Мечик, увлеченный общим потоком, мчался в центре этой лавины. Он не только не испытывал страха, но даже утерял всегда присущее ему свойство отмечать собственные мысли и поступки и расценивать их со стороны, — он только видел перед собою чью-то знакомую спину с чубатой головой, чувствовал, что Нивка не отстает от нее, что враг бежит от них, и вместе со всеми на совесть старался догнать врага и не отстать от знакомой спины.
Казачий эскадрон скрылся в березовой роще. Через некоторое время оттуда посыпались частые ружейные выстрелы, но отряд продолжал скакать, не только не замедляя хода, а еще больше горячась и возбуждаясь от выстрелов.
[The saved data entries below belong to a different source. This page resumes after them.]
Lemma component_final X : In X (c :: cs) -> final_leaf ns Vss X.
Proof.
  intros HX. assert (HX' := HX). rewrite <- Hcomps, in_app_iff, !in_map_iff in HX'.
  destruct HX' as [[M [<- _]] | [[a Vs] [<- HaVs]]].
  - apply term_component_final, HX.
  - left. apply In_nth_error in HaVs as [i Hi]. apply nth_error_combine in Hi.
    exists i, a, Vs. simpl. tauto.
Qed.

Lemma leaf_parl_component L : leaf (parl c cs) L -> In L (c :: cs).
Proof.
  intros HL. destruct (leaf_parl _ _ _ HL) as [X [HX HXL]].
  assert (HX' := HX). rewrite <- Hcomps, in_app_iff, !in_map_iff in HX'.
  destruct HX' as [[M [<- _]] | [p [<- _]]]; inversion HXL; subst; exact HX.
Qed.

End CanonicalComponents.

Theorem theorem8 (C C' : config) (ns : list nat) (Ms : list tm)
    (Vss : list (list val)) :
  ctype [] [] C ->
  (forall C2, ~ red C C2) ->
  canonical_form_of C' C ns Ms Vss ->
  forall L, leaf C' L ->
    (exists i a Vs, nth_error ns i = Some a /\ nth_error Vss i = Some Vs /\
                    L = CBuf a Vs)
    \/ (exists V, L = CTm (TRet V))
    \/ (exists E i a, nth_error ns i = Some a /\ nth_error Vss i = Some [] /\
                      L = CTm (plug E (TTake (VName a)))).
Proof.
  intros HC Hirr [Hsc [Hlen [_ [c [cs [Hcomps ->]]]]]] L HL.
  assert (Hirr' : irreducible (parl c cs))
    by exact (irreducible_nus ns _ (irreducible_sc _ _ (sc_sym _ _ Hsc) Hirr)).
  assert (Htyped : terms_typed (parl c cs)).
  { apply (terms_typed_nus ns), (terms_typed_sc _ _ Hsc).
    apply (ctype_terms_typed _ _ _ HC chan_ctx_nil). }
  assert (Hbound : forall x, In x (cfn (parl c cs)) -> In x ns).
  { intros x Hx. destruct (in_dec Nat.eq_dec x ns) as [| Hxns]; [assumption | exfalso].
    assert (HxC : In x (cfn C)) by (apply (in_cfn_sc _ _ Hsc), in_cfn_nus; auto).
    destruct (ctype_cfn _ _ _ HC x HxC) as [Hnone | []]. apply Hnone. reflexivity. }
  apply (component_final ns Ms Vss c cs); try assumption.
  apply (leaf_parl_component ns Ms Vss c cs Hcomps), (leaf_nus ns), HL.
Qed.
Вдруг мохнатый жеребец, мчавшийся впереди Мечика, ткнулся мордой в землю, и знакомая спина, с чубатой головой, полетела вперед, вытянув руки. Мечик вместе с другими обогнул что-то большое и черное, копошившееся на земле.
Не видя больше знакомой спины, он впился глазами в рощу, стремительно надвигавшуюся на него… Маленькая бородатая фигурка на вороном жеребце, что-то кричавшая и указывавшая шашкой, на одно мгновение мелькнула перед глазами… Несколько всадников, скакавших рядом, вдруг свернули влево, но Мечик, не сообразив, в чем дело, мчался в прежнем направлении, пока не влетел в рощу и чуть не разбился о стволы, расцарапав себе лицо о голые ветви. Он едва удержал Нивку, рвавшуюся, обезумев, через кусты.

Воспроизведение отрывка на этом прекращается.